▸ To do: Every line in the following data that has "iffP" counts toward the total; state that total alone.
*** Opening Record set ***
(* Let $q\ge 2$, $n$, $r\ge 1$, $\rho\ge 2$ and $d\ge 1$ be integers, and put $N=r+\rho-1$. Let $B(l,\rho)$, $l=0,1,2,\dots$, be a function with the following properties: (i) for every $l$, every $q$-ary code of length $l$ with minimum Hamming distance at least $\rho$ has at most $B(l,\rho)$ codewords; (ii) $B(0,\rho)=1$; (iii) $B(\cdot,\rho)$ is log-convex in $l$. Let $\mathcal{C}$ be a $q$-ary $(n,k,r,\rho)$ LRC code with minimum distance $d$, and let $$\mu=\mu(n,d,r,\rho):=\Big\lceil \frac{n-(d-1)}{N}\Big\rceil+1 .$$ Then $$k\le \mu\,\log_q B(N,\rho).$$
   Context: A $q$-ary code of length $n$ is a subset $\mathcal{C}\subseteq Q^n$ of a set $Q$ with $|Q|=q$; its minimum distance is the minimum Hamming distance between distinct codewords, and its dimension is $k=\log_q|\mathcal{C}|$ (not necessarily an integer). For $I\subseteq[n]=\{1,\dots,n\}$, $\mathcal{C}_I$ denotes the restriction (projection) of $\mathcal{C}$ to the coordinates in $I$. The code $\mathcal{C}$ of cardinality $q^k$ is an $(n,k,r,\rho)$ LRC code (has the $(\rho,r)$ locality property), $\rho\ge 2$, if every coordinate $i\in[n]$ is contained in a subset $\mathcal{R}_i\subseteq[n]$ of size at most $r+\rho-1$ such that the restricted code $\mathcal{C}_{\mathcal{R}_i}$ has minimum distance at least $\rho$. A positive function $f(j)$ of an integer argument is log-convex if $f(j_1)f(j_2)\le f(j_1-1)f(j_2+1)$ for all $j_1\le j_2$ in the support of $f$. *)

From Stdlib Require Import Reals.
From mathcomp Require Import all_boot.
Set Implicit Arguments. Unset Strict Implicit. Unset Printing Implicit Defensive.

Definition dist_on (Q : finType) (n : nat) (I : {set 'I_n}) (x y : {ffun 'I_n -> Q}) : nat :=
  #|[set i in I | x i != y i]|.

Definition hdist (Q : finType) (n : nat) (x y : {ffun 'I_n -> Q}) : nat :=
  #|[set i | x i != y i]|.

(* the code has minimum distance at least rho (vacuous if |C| <= 1) *)
Definition min_dist_ge (Q : finType) (n : nat) (C : {set {ffun 'I_n -> Q}}) (rho : nat) : Prop :=
  forall x y, x \in C -> y \in C -> x != y -> rho <= hdist x y.

Definition has_min_dist (Q : finType) (n : nat) (C : {set {ffun 'I_n -> Q}}) (d : nat) : Prop :=
  min_dist_ge C d /\ exists x y, [/\ x \in C, y \in C, x != y & hdist x y = d].

(* the restricted code C_I has minimum distance at least rho: two codewords
   whose restrictions to I are distinct differ in at least rho positions of I *)
Definition restr_min_dist_ge (Q : finType) (n : nat) (C : {set {ffun 'I_n -> Q}})
    (I : {set 'I_n}) (rho : nat) : Prop :=
  forall x y, x \in C -> y \in C -> 0 < dist_on I x y -> rho <= dist_on I x y.

Definition is_LRC (Q : finType) (n : nat) (C : {set {ffun 'I_n -> Q}}) (r rho : nat) : Prop :=
  forall i : 'I_n, exists R : {set 'I_n},
    [/\ i \in R, #|R| <= r + rho - 1 & restr_min_dist_ge C R rho].

Definition log_convex (f : nat -> R) : Prop :=
  (forall j, Rlt 0 (f j)) /\
  (forall j1 j2, 1 <= j1 -> j1 <= j2 -> Rle (Rmult (f j1) (f j2)) (Rmult (f (j1 - 1)) (f (j2 + 1)))).

Definition logq (q : nat) (x : R) : R := Rdiv (ln x) (ln (INR q)).

Definition ceil_div (m a : nat) : nat := (m + a - 1) %/ a.

(* mu(n,d,r,rho) = ceil((n-(d-1))/N) + 1, N = r+rho-1 ; n - (d-1) >= 0 since d <= n *)
Definition mu (n d r rho : nat) : nat := ceil_div (n - (d - 1)) (r + rho - 1) + 1.

From Stdlib Require Import Reals Lra Psatz.
From mathcomp Require Import all_boot zify.
Set Implicit Arguments. Unset Strict Implicit. Unset Printing Implicit Defensive.

(* Grow a set S of coordinates greedily: while |S| < n - d + 1, add the
   recovery set R of a coordinate outside S.  Among the codewords with a fixed
   restriction to S, the restrictions to R \ S form a code of length
   |R \ S| <= N and distance >= rho, so |C_(S u R)| <= |C_S| B(|R \ S|).
   Log-convexity and B(0) = 1 make log B(l) / l nondecreasing, hence
   N log |C_S| <= |S| log B(N) throughout.  The process stops with
   n - d + 1 <= |S| < n - d + 1 + N <= N mu, and any n - d + 1 coordinates
   determine a codeword, so |C| = |C_S|. *)

Section ImageCounting.

Variables (T U V : finType).

Lemma card_imset_le_fibers (f : T -> U) (g : T -> V) (A : {set T}) K :
  (forall v, #|f @: [set x in A | g x == v]| <= K) -> #|f @: A| <= #|g @: A| * K.
Proof.
move=> leK; pose P := [set f @: [set x in A | g x == v] | v in g @: A].
have sub : f @: A \subset cover P.
  apply/subsetP => _ /imsetP[a Aa ->]; apply/bigcupP.
  exists (f @: [set x in A | g x == g a]); first by do 2!apply: imset_f.
  by apply: imset_f; rewrite inE Aa eqxx.
apply: leq_trans (subset_leq_card sub) _; apply: leq_trans (leq_card_cover P) _.
apply: (@leq_trans (\sum_(X in P) K)); first by apply: leq_sum => _ /imsetP[v _ ->].
by rewrite sum_nat_const leq_mul2r leq_imset_card orbT.
Qed.

Lemma card_imset_le_factor (f : T -> U) (w : T -> V) (A : {set T}) :
  {in A &, forall a b, w a = w b -> f a = f b} -> #|f @: A| <= #|w @: A|.
Proof.
move=> fw; case: (set_0Vmem A) => [->|[a0 _]]; first by rewrite !imset0 cards0.
pose h z := if [pick a in A | w a == z] is Some a then f a else f a0.
have -> : f @: A = h @: (w @: A).
  rewrite -imset_comp; apply: eq_in_imset => a Aa /=; rewrite /h.
  case: pickP => [b /andP[Ab /eqP wba]|/(_ a)]; first exact: fw.
  by rewrite Aa eqxx.
exact: leq_imset_card.
Qed.

End ImageCounting.

Section Restriction.

Variables (Q : finType) (n : nat).
Implicit Types (S R A : {set 'I_n}) (x y : {ffun 'I_n -> Q}).

(* The restricted code C_S is represented inside {ffun 'I_n -> option Q}, with
   the coordinates outside S blanked to None. *)
Definition restr S x : {ffun 'I_n -> option Q} :=
  [ffun i => if i \in S then Some (x i) else None].

Definition word_on A x : {ffun 'I_#|A| -> Q} := [ffun j => x (enum_val j)].

Lemma restrP S x y : reflect {in S, forall i, x i = y i} (restr S x == restr S y).
Proof.
apply: (iffP eqP) => [eqxy i iS | eqxy].
  by move/ffunP/(_ i): eqxy; rewrite !ffunE iS => -[].
by apply/ffunP => i; rewrite !ffunE; case: ifP => // /eqxy ->.
Qed.

Lemma word_onP A x y : reflect {in A, forall i, x i = y i} (word_on A x == word_on A y).
Proof.
apply: (iffP eqP) => [eqxy i iA | eqxy].
  by move/ffunP/(_ (enum_rank_in iA i)): eqxy; rewrite !ffunE enum_rankK_in.
by apply/ffunP => j; rewrite !ffunE eqxy // enum_valP.
Qed.

Lemma restr_setU S R x y :
  restr S x = restr S y -> word_on (R :\: S) x = word_on (R :\: S) y ->
  restr (S :|: R) x = restr (S :|: R) y.
Proof.
move=> /eqP/restrP eqS /eqP/word_onP eqRS; apply/eqP/restrP => i /setUP[iS|iR].
  exact: eqS.
by case: (boolP (i \in S)) => [/eqS | iNS] //; apply: eqRS; rewrite inE iNS.
Qed.

Lemma dist_on_le_hdist_word_on S R x y : restr S x = restr S y ->
  dist_on R x y <= hdist (word_on (R :\: S) x) (word_on (R :\: S) y).
Proof.
move=> /eqP/restrP eqS.
have sub : [set i in R | x i != y i] \subset
    enum_val @: [set j | word_on (R :\: S) x j != word_on (R :\: S) y j].
  apply/subsetP => i; rewrite inE => /andP[iR neq].
  have iRS : i \in R :\: S by rewrite inE iR andbT; apply: contra neq => /eqS ->.
  apply/imsetP; exists (enum_rank_in iRS i); last by rewrite enum_rankK_in.
  by rewrite inE !ffunE enum_rankK_in.
apply: leq_trans (subset_leq_card sub) _.
by rewrite card_imset //; apply: enum_val_inj.
Qed.

Lemma dist_on_gt0 R A x y :
  A \subset R -> word_on A x != word_on A y -> 0 < dist_on R x y.
Proof.
move=> AR /word_onP neq; apply/card_gt0P.
case: (pickP [pred i in A | x i != y i]) => [i /andP[iA xy] | none].
  by exists i; rewrite inE (subsetP AR).
by case: neq => i iA; apply/eqP; move: (none i); rewrite /= iA => /negbFE.
Qed.

Variable C : {set {ffun 'I_n -> Q}}.

Definition fiber S (z : {ffun 'I_n -> option Q}) := [set x in C | restr S x == z].

Lemma card_restr_setU_fiber S R z :
  #|restr (S :|: R) @: fiber S z| <= #|word_on (R :\: S) @: fiber S z|.
Proof.
apply: card_imset_le_factor => x y; rewrite !inE => /andP[_ /eqP xz] /andP[_ /eqP yz].
by apply: restr_setU; rewrite xz yz.
Qed.

Lemma min_dist_word_on_fiber S R rho z : restr_min_dist_ge C R rho ->
  min_dist_ge (word_on (R :\: S) @: fiber S z) rho.
Proof.
move=> CR _ _ /imsetP[x + ->] /imsetP[y + ->].
rewrite !inE => /andP[xC /eqP xz] /andP[yC /eqP yz] neq.
have eqS : restr S x = restr S y by rewrite xz yz.
apply: leq_trans (dist_on_le_hdist_word_on R eqS).
by apply: CR => //; apply: dist_on_gt0 (subsetDl R S) neq.
Qed.

Lemma restr_inj S d : min_dist_ge C d -> n < #|S| + d -> {in C &, injective (restr S)}.
Proof.
move=> Cd lt_n x y xC yC /eqP/restrP eqS; apply/eqP; apply: contraT => neq.
have sub : [set i | x i != y i] \subset ~: S.
  by apply/subsetP => i; rewrite !inE; apply: contra => /eqS ->.
have := leq_trans (Cd x y xC yC neq) (subset_leq_card sub).
by rewrite -(leq_add2l #|S|) cardsC card_ord leqNgt lt_n.
Qed.

Variables (rho : nat) (B : nat -> R).
Hypothesis B_bound : forall l (D : {set {ffun 'I_l -> Q}}),
  min_dist_ge D rho -> Rle (INR #|D|) (B l).

Lemma card_restr_setU_le S R : restr_min_dist_ge C R rho ->
  Rle (INR #|restr (S :|: R) @: C|) (Rmult (INR #|restr S @: C|) (B #|R :\: S|)).
Proof.
move=> CR; pose K := \max_z #|restr (S :|: R) @: fiber S z|.
have leK : #|restr (S :|: R) @: C| <= #|restr S @: C| * K.
  by apply: card_imset_le_fibers => z; apply: leq_bigmax.
have [z0 Kz0] : {z0 | K = #|restr (S :|: R) @: fiber S z0|}.
  by apply: eq_bigmax; apply/card_gt0P; exists [ffun=> None].
have KB : Rle (INR K) (B #|R :\: S|).
  apply: Rle_trans _ _ _ _ (B_bound (min_dist_word_on_fiber (S := S) (z := z0) CR)).
  by rewrite Kz0; apply/le_INR/leP/card_restr_setU_fiber.
apply: Rle_trans _ _ _ (le_INR _ _ (leP leK)) _; rewrite mult_INR.
by apply: Rmult_le_compat_l => //; apply: pos_INR.
Qed.

End Restriction.

Section LogConvexity.

Local Open Scope R_scope.

Lemma ln_le x y : 0 < x -> x <= y -> ln x <= ln y.
Proof. by move=> x0 [/(ln_increasing _ _ x0) lt | ->]; [left | right]. Qed.

Lemma ln_le_mul_bound a b c : 0 < a -> 0 < c -> a <= b * c -> ln a <= ln b + ln c.
Proof.
move=> a0 c0 le_abc; have b0 : 0 < b by nra.
by rewrite -ln_mult //; apply: ln_le.
Qed.

Lemma convex_seq_chord (g : nat -> R) : g 0%N = 0 ->
  (forall j, 2 * g j.+1 <= g j + g j.+2) ->
  forall l N, (l <= N)%N -> INR N * g l <= INR l * g N.
Proof.
move=> g0 g_convex.
have slope l : INR l.+1 * g l <= INR l * g l.+1.
  elim: l => [|l IH]; first by rewrite g0 /=; lra.
  by have := g_convex l; have := pos_INR l; rewrite !S_INR in IH *; nra.
move=> l N /subnKC <-; elim: (_ - l)%N => [|m IH]; first by rewrite addn0; lra.
rewrite addnS; have := slope (l + m)%N; rewrite S_INR.
have [/eqP | lm_gt0] := posnP (l + m).
  by rewrite addn_eq0 => /andP[/eqP -> _]; rewrite g0 /=; lra.
have := lt_0_INR _ (ltP lm_gt0); have := pos_INR l; nra.
Qed.

Lemma log_convex_ln_chord (B : nat -> R) : log_convex B -> B 0%N = 1 ->
  forall l N, (l <= N)%N -> INR N * ln (B l) <= INR l * ln (B N).
Proof.
case=> B_gt0 B_lc B0; apply: convex_seq_chord; first by rewrite B0 ln_1.
move=> j; have := B_lc j.+1 j.+1 (ltn0Sn _) (leqnn _); rewrite subn1 addn1 => le_B.
have -> : 2 * ln (B j.+1) = ln (B j.+1) + ln (B j.+1) by ring.
by rewrite -!ln_mult //; apply: ln_le le_B; apply: Rmult_lt_0_compat.
Qed.

Lemma logq_le_of_ln_le q c b (N s m : nat) : (1 < q)%N -> (0 < N)%N -> (s <= N * m)%N ->
  0 <= ln b -> INR N * ln c <= INR s * ln b -> logq q c <= INR m * logq q b.
Proof.
move=> q_gt1 N_gt0 le_s b_ge0 le_c.
have lnq_gt0 : 0 < ln (INR q) by rewrite -ln_1; apply: ln_increasing; [lra | apply/lt_1_INR/ltP].
have N_pos : 0 < INR N by apply/lt_0_INR/ltP.
have le_sNm : INR s <= INR N * INR m by rewrite -mult_INR; apply/le_INR/leP.
have : ln c <= INR m * ln b by nra.
rewrite /logq /Rdiv -Rmult_assoc => le_ln.
by apply: Rmult_le_compat_r le_ln; apply/Rlt_le/Rinv_0_lt_compat.
Qed.

End LogConvexity.

Lemma code_bound_ge1 (Q : finType) (a : Q) rho (B : nat -> R) :
  (forall l (D : {set {ffun 'I_l -> Q}}), min_dist_ge D rho -> Rle (INR #|D|) (B l)) ->
  forall l, Rle R1 (B l).
Proof.
move=> B_bound l; have := B_bound l [set [ffun=> a]]; rewrite cards1; apply.
by move=> x y; rewrite !inE => /eqP -> /eqP ->; rewrite eqxx.
Qed.

Lemma cardsU_setD (T : finType) (A B : {set T}) : #|A :|: B| = #|A| + #|B :\: A|.
Proof. by rewrite cardsU cardsD setIC addnBA // subset_leq_card ?subsetIl. Qed.

Lemma leq_ceil_div m a : 0 < a -> m <= ceil_div m a * a.
Proof. by move=> a_gt0; have := ltn_ceil (m + a - 1) a_gt0; rewrite /ceil_div; lia. Qed.

Section GreedyCover.

Variables (Q : finType) (n : nat) (C : {set {ffun 'I_n -> Q}}) (r rho : nat) (B : nat -> R).
Hypotheses (B_bound : forall l (D : {set {ffun 'I_l -> Q}}),
              min_dist_ge D rho -> Rle (INR #|D|) (B l))
           (B0 : B 0 = R1) (B_lc : log_convex B)
           (C_LRC : is_LRC C r rho) (C_neq0 : C != set0).

Local Notation N := (r + rho - 1).
Local Open Scope R_scope.

Definition rate_bounded (S : {set 'I_n}) : Prop :=
  INR N * ln (INR #|restr S @: C|) <= INR #|S| * ln (B N).

Lemma rate_bounded_set0 : rate_bounded set0.
Proof.
rewrite /rate_bounded; case/set0Pn: C_neq0 => x0 x0C.
have -> : restr set0 @: C = [set restr set0 x0].
  apply/setP => z; rewrite inE; apply/imsetP/eqP => [[x _ ->] | ->]; last by exists x0.
  by apply/eqP/restrP => i; rewrite inE.
by rewrite cards1 cards0 /= ln_1; lra.
Qed.

Lemma rate_bounded_setU S R : restr_min_dist_ge C R rho -> (#|R| <= N)%N ->
  rate_bounded S -> rate_bounded (S :|: R).
Proof.
rewrite /rate_bounded => CR R_le rate_S.
have RS_le : (#|R :\: S| <= N)%N by apply: leq_trans R_le; apply/subset_leq_card/subsetDl.
have img_gt0 : 0 < INR #|restr (S :|: R) @: C|.
  by apply/lt_0_INR/ltP; rewrite card_gt0 imset_eq0.
have := ln_le_mul_bound img_gt0 (B_lc.1 _) (card_restr_setU_le B_bound S CR).
have := log_convex_ln_chord B_lc B0 RS_le.
rewrite cardsU_setD plus_INR; have := pos_INR N; nra.
Qed.

Hypothesis N_gt0 : (0 < N)%N.

Lemma exists_rate_bounded_set k : (k <= n)%N ->
  exists S : {set 'I_n}, [/\ (k <= #|S|)%N, (#|S| < k + N)%N & rate_bounded S].
Proof.
elim: k => [_ | k IH lt_kn].
  by exists set0; rewrite cards0 add0n; split => //; apply: rate_bounded_set0.
have [S [le_kS lt_S rate_S]] := IH (ltnW lt_kn).
have [lt_kS | le_Sk] := ltnP k #|S|.
  by exists S; split => //; rewrite addSn ltnS ltnW.
have /card_gt0P[i] : (0 < #|~: S|)%N by have := cardsC S; rewrite card_ord; lia.
rewrite inE => iNS; have [R [iR R_le CR]] := C_LRC i.
have RS_gt0 : (0 < #|R :\: S|)%N by apply/card_gt0P; exists i; rewrite inE iNS.
have RS_le : (#|R :\: S| <= N)%N by apply: leq_trans R_le; apply/subset_leq_card/subsetDl.
exists (S :|: R); rewrite cardsU_setD; split; [lia | lia | exact: rate_bounded_setU].
Qed.

End GreedyCover.

Theorem theorem1 (q n r rho d : nat) (Q : finType) (hQ : #|Q| = q)
  (hq : 2 <= q) (hr : 1 <= r) (hrho : 2 <= rho) (hd : 1 <= d)
  (B : nat -> R)
  (HB : forall (l : nat) (D : {set {ffun 'I_l -> Q}}),
          min_dist_ge D rho -> Rle (INR #|D|) (B l))
  (HB0 : B 0 = R1)
  (HBlc : log_convex B)
  (C : {set {ffun 'I_n -> Q}})
  (HC : is_LRC C r rho)
  (Hd : has_min_dist C d) :
  Rle (logq q (INR #|C|)) (Rmult (INR (mu n d r rho)) (logq q (B (r + rho - 1)))).
Proof.
have N_gt0 : 0 < r + rho - 1 by lia.
have C_neq0 : C != set0 by case: Hd => _ [x [_ [xC _ _ _]]]; apply/set0Pn; exists x.
have /card_gt0P[a _] : 0 < #|Q| by rewrite hQ; lia.
have [S [le_S lt_S rate_S]] :=
  exists_rate_bounded_set HB HB0 HBlc HC C_neq0 N_gt0 (leq_subr (d - 1) n).
have restr_S_inj : {in C &, injective (restr S)} by apply: restr_inj Hd.1 _; lia.
rewrite /rate_bounded (card_in_imset restr_S_inj) in rate_S.
apply: (logq_le_of_ln_le hq N_gt0 _ _ rate_S).
  by have := leq_ceil_div (n - (d - 1)) N_gt0; rewrite /mu; lia.
by rewrite -ln_1; apply: ln_le Rlt_0_1 (code_bound_ge1 a HB _).
Qed.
*** Closing Record set ***
▸ Answer to this problem: 2